NASA is proposing to move ahead with a telescope that would spot asteroids on a potential collision course with Earth. It is based on this proposed project, the Near-Earth Object Camera.

NASA/JPL-Caltech

NASA to build telescope for detecting asteroids that threaten Earth

NASA is moving forward with plans to launch an infrared telescope that could detect asteroids on a collision course with Earth. Its launch could come by the middle of the next decade, Thomas Zurbuchen, NASA’s associate administrator for science in Washington, D.C., said today at a meeting of an agency advisory panel.

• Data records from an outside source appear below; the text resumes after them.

Lemma crossing_weight (N d k : R) : 0 < N -> 0 <= d <= k -> k <= N ->
  exists2 T, 0 <= T <= 1 & d ^ 2 + T ^ 2 * (k * (N - k)) <= N * d * T.
Proof.
move=> N_gt0 dk kN; case: (Rle_lt_dec (2 * d) N) => [small|large].
  exists (2 * d / N).
    split; last by apply: (Rmult_le_reg_r N) => //; field_simplify; lra.
    by apply: Rmult_le_pos; [lra | apply/Rlt_le/Rinv_0_lt_compat].
  have frac : 4 * (k * (N - k)) / N ^ 2 <= 1.
    apply: (Rmult_le_reg_r (N ^ 2)); first nra.
    by field_simplify; [have := pow2_ge_0 (N - 2 * k); nra | lra].
  have -> : (2 * d / N) ^ 2 * (k * (N - k)) = d ^ 2 * (4 * (k * (N - k)) / N ^ 2).
    by field; lra.
  have -> : N * d * (2 * d / N) = 2 * d ^ 2 by field; lra.
  by have := pow2_ge_0 d; nra.
exists 1; first lra.
have : 0 <= (k - d) * (k + d - N) by apply: Rmult_le_pos; lra.
nra.
Qed.

Section InductionStep.
Variable n : nat.
Hypothesis energy_bound : forall A : {set cube n},
  2 * INR #|A| * (2 ^ n - INR #|A|) <= energy A * 2 ^ n.

Lemma energy_slices_bound (A0 A1 : {set cube n}) : (#|A1| <= #|A0|)%nat ->
  2 * (INR #|A0| + INR #|A1|) * (2 * 2 ^ n - (INR #|A0| + INR #|A1|)) <=
  (shifted_energy A0 (A0 :\: A1) + shifted_energy A1 (A1 :\: A0)) * (2 * 2 ^ n).
Proof.
move=> le_card; set N := 2 ^ n; set k0 := INR #|A0|; set k1 := INR #|A1|.
have N_gt0 : 0 < N by apply: pow_lt; lra.
have k0_le : k0 <= N by rewrite /N -INR_expn2; apply/le_INR/leP/card_cube_le.
have k1_le : k1 <= k0 by apply/le_INR/leP.
have k1_ge0 : 0 <= k1 by apply: pos_INR.
have card_diff : k0 - k1 <= INR #|A0 :\: A1|.
  rewrite /k0 /k1 -(cardsID A1 A0) plus_INR.
  have : (#|A0 :&: A1| <= #|A1|)%nat by apply/subset_leq_card/subsetIr.
  by move/leP/le_INR; lra.
have d_bounds : 0 <= k0 - k1 <= k0 by lra.
have [T T01 weight] := crossing_weight N_gt0 d_bounds k0_le.
have E0 := shifted_energy_ge A0 (A0 :\: A1) T01.
have E1 := energy_le_shifted A1 (A1 :\: A0).
have I0 := energy_bound A0; have I1 := energy_bound A1.
rewrite -/N -/k0 -/k1 in I0 I1.
move: E0 E1; set s0 := shifted_energy A0 _; set s1 := shifted_energy A1 _ => E0 E1.
have P1 : 0 <= (1 - T ^ 2 / 2) * (energy A0 * N - 2 * k0 * (N - k0)).
  by apply: Rmult_le_pos; nra.
have P2 : 0 <= T * N * (INR #|A0 :\: A1| - (k0 - k1)) by apply: Rmult_le_pos; nra.
have P3 : 0 <= (s0 + s1 -
                ((1 - T ^ 2 / 2) * energy A0 + T * INR #|A0 :\: A1| + energy A1)) * N.
  by apply: Rmult_le_pos; lra.
lra.
Qed.

End InductionStep.

Lemma energy_lower_bound n (A : {set cube n}) :
  2 * INR #|A| * (2 ^ n - INR #|A|) <= energy A * 2 ^ n.
Proof.
elim: n A => [|n IH] A.
  have := card_cube_le A; have := energy_ge0 A; rewrite /= Rmult_1_r.
  by case: #|A| => [|[|//]] /= *; lra.
rewrite energy_cube_cons card_slices plus_INR /=.
case: (leqP #|slice A true| #|slice A false|) => [le_card|/ltnW le_card].
  by rewrite (Rplus_comm (INR _)) (Rplus_comm (shifted_energy _ _)); apply: energy_slices_bound.
by apply: energy_slices_bound.
Qed.

End Energy.

Lemma integral_cube n (f : cube n -> R) :
  integral f = ((\rsum_(x : cube n) f x) / 2 ^ n)%R.
Proof.
rewrite /integral foldrE big_map big_enum /= /Rdiv Rmult_comm -rsum_mull.
by apply: eq_bigr => x _; rewrite Rmult_comm.
Qed.

Lemma muS_card n (A : {set cube n}) : muS A = (INR #|A| / 2 ^ n)%R.
Proof. by rewrite /muS integral_cube rsum_mem_card. Qed.

Theorem theorem1p1 (n : nat) (Hn : (1 <= n)%N) (A : {set cube n}) :
  (integral (fun x : cube n => rpow0 (INR (hS A x)) beta)
     >= 2 * muS A * (1 - muS A))%R.
Proof.
apply: Rle_ge; rewrite integral_cube muS_card.
have N_gt0 : (0 < 2 ^ n)%R by apply: pow_lt; lra.
have energy_le : (energy A <= \rsum_(x : cube n) rpow0 (INR (hS A x)) beta)%R.
  by apply: rsum_le => x; apply: psi_le_rpow0.
apply: Rle_trans (Rmult_le_compat_r _ _ _ (Rlt_le _ _ (Rinv_0_lt_compat _ N_gt0)) energy_le).
have inv_ge0 := Rlt_le _ _ (Rinv_0_lt_compat _ N_gt0).
have -> : (2 * (INR #|A| / 2 ^ n) * (1 - INR #|A| / 2 ^ n) =
          2 * INR #|A| * (2 ^ n - INR #|A|) / 2 ^ n / 2 ^ n)%R by field; lra.
have -> : (energy A * / 2 ^ n = energy A * 2 ^ n / 2 ^ n / 2 ^ n)%R by field; lra.
by do 2!apply: Rmult_le_compat_r => //; apply: energy_lower_bound.
Qed.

The Near-Earth Object Surveillance Mission, which will cost $500 million to $600 million, grows out of long-gestating plans for the Near-Earth Object Camera (NEOCam), first proposed by NASA’s Jet Propulsion Lab (JPL) in Pasadena, California, nearly 15 years ago. Such a scope is essential for meeting a congressional requirement that NASA detect 90% of all potentially hazardous asteroids and comets of at least 140 meters in diameter by the end of 2020. The telescope will likely end up with a different name, but the mission is the same, says Mark Sykes, CEO of the Planetary Science Institute in Tucson, Arizona, and a member of NEOCam’s science team. “There is no independent or new spacecraft or operational design here. This mission is NEOCam.”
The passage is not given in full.